‘When you’ve been around as long as me, you’re not expecting something like this’

“What I’d say is 2020 has been a challenging year for our industry,” says Frank Gleeson. The man is clearly a master of understatement.

Gleeson runs Aramark, the property, retail and services group with interests in multiple sectors of the economy. He’s responsible for around 5,000 people in Ireland and 16,000 in his wider role as head of northern Europe for the US multinational. And we’re talking as his business and others battle through the third Level 5 lockdown in a year.

It’s been a sobering time for all business, even more so for one that relies so heavily on the food service and retail sectors. “When you’ve been around as long as me and you get through a couple of recessions, you’re not expecting something like this,” he says. “So, it’s kind of uncharted water. But it’s like anything; you just have to deal with things as they come at you.”

Gleeson is already planning and preparing for when the economy starts to open up again. Not that business ever ground fully to a halt for Aramark. With a portfolio of interests that runs from Croke Park’s food concessions to direct provision centres, hospitals and upmarket retailer Avoca, a large part of Gleeson’s business has remained open during the Covid pandemic, even if the roles of his people have changed somewhat.

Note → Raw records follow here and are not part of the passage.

Definition A2 (zeta : 'rV[R]_nx -> 'rV[R]_nr -> traj) : Prop :=
  (forall x u r, Xset x -> Uset u -> Reps r -> 0 <= ell x u r) /\
  (forall e, 0 < e -> exists2 d, 0 < d & forall x u r x' u' r',
     Xset x -> Uset u -> Reps r -> Xset x' -> Uset u' -> Reps r' ->
     enorm (x - x') + enorm (u - u') + enorm (r - r') < d ->
     `|ell x u r - ell x' u' r'| < e) /\
  (forall r, Reps r -> ell (xbar r) (ubar r) r = 0) /\
  (exists gl, K_inf gl /\ forall x r u, Gamma x r -> Uset u ->
     gl (enorm (x - xbar r)) <= ell x u r) /\
  (forall e, 0 < e -> exists2 d, 0 < d & forall x r x' r',
     Tset x r -> Tset x' r' -> enorm (x - x') + enorm (r - r') < d ->
     `|V x r - V x' r'| < e) /\
  (forall r, Reps r -> V (xbar r) r = 0) /\
  (forall x r, Tset x r -> 0 <= V x r) /\
  (exists kT : 'rV[R]_nx -> 'rV[R]_nr -> 'rV[R]_nu,
     forall x r, Tset x r ->
       V (f x (kT x r)) r - V x r <= - ell x (kT x r) r /\
       Tset (f x (kT x r)) r /\ Xset x /\ Uset (kT x r)) /\
  (forall r, Reps r -> in_int_T (xbar r) r) /\
  (exists L, forall x r x' r', Gamma x r -> Gamma x' r' ->
     \sum_(i < N.+1) enorm ((zeta x r).1 i - (zeta x' r').1 i) +
     \sum_(i < N) enorm ((zeta x r).2 i - (zeta x' r').2 i)
     <= L * (enorm (x - x') + enorm (r - r'))).

Definition feasible_path (x0 : 'rV[R]_nx) (r : 'rV[R]_nr) (p : R -> 'rV[R]_nr) : Prop :=
  (forall s, 0 <= s <= 1 -> forall e, 0 < e -> exists2 d, 0 < d &
     forall s', 0 <= s' <= 1 -> `|s - s'| < d -> enorm (p s - p s') < e) /\
  (forall s, 0 <= s <= 1 -> Reps (p s)) /\
  Gamma x0 (p 0) /\ p 1 = r.

Definition Dx (r : 'rV[R]_nr) (x0 : 'rV[R]_nx) : Prop :=
  exists p, feasible_path x0 r p.

Definition is_g (p : R -> 'rV[R]_nr) (xi : 'rV[R]_nx) (s' : R) : Prop :=
  (0 <= s' <= 1) /\ Tset xi (p s') /\
  (forall s, 0 <= s <= 1 -> Tset xi (p s) -> s <= s').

He reckons that between 20 per cent and 25 per cent of his staff are on furlough across the group on average, and he’s grateful for the Government wage subsidies that allowed companies such as Aramark to keep those employees on their books. But in some sectors, like the company’s growing property management business, all staff are at their desks, if not necessarily in the office.

Property

Property has been one of the fastest growing parts of Aramark’s business in Ireland, helped in large part by the surge in build-to-rent apartment complexes. Originally, it had been involved more in managing commercial operations, such as offices and shopping centres for clients.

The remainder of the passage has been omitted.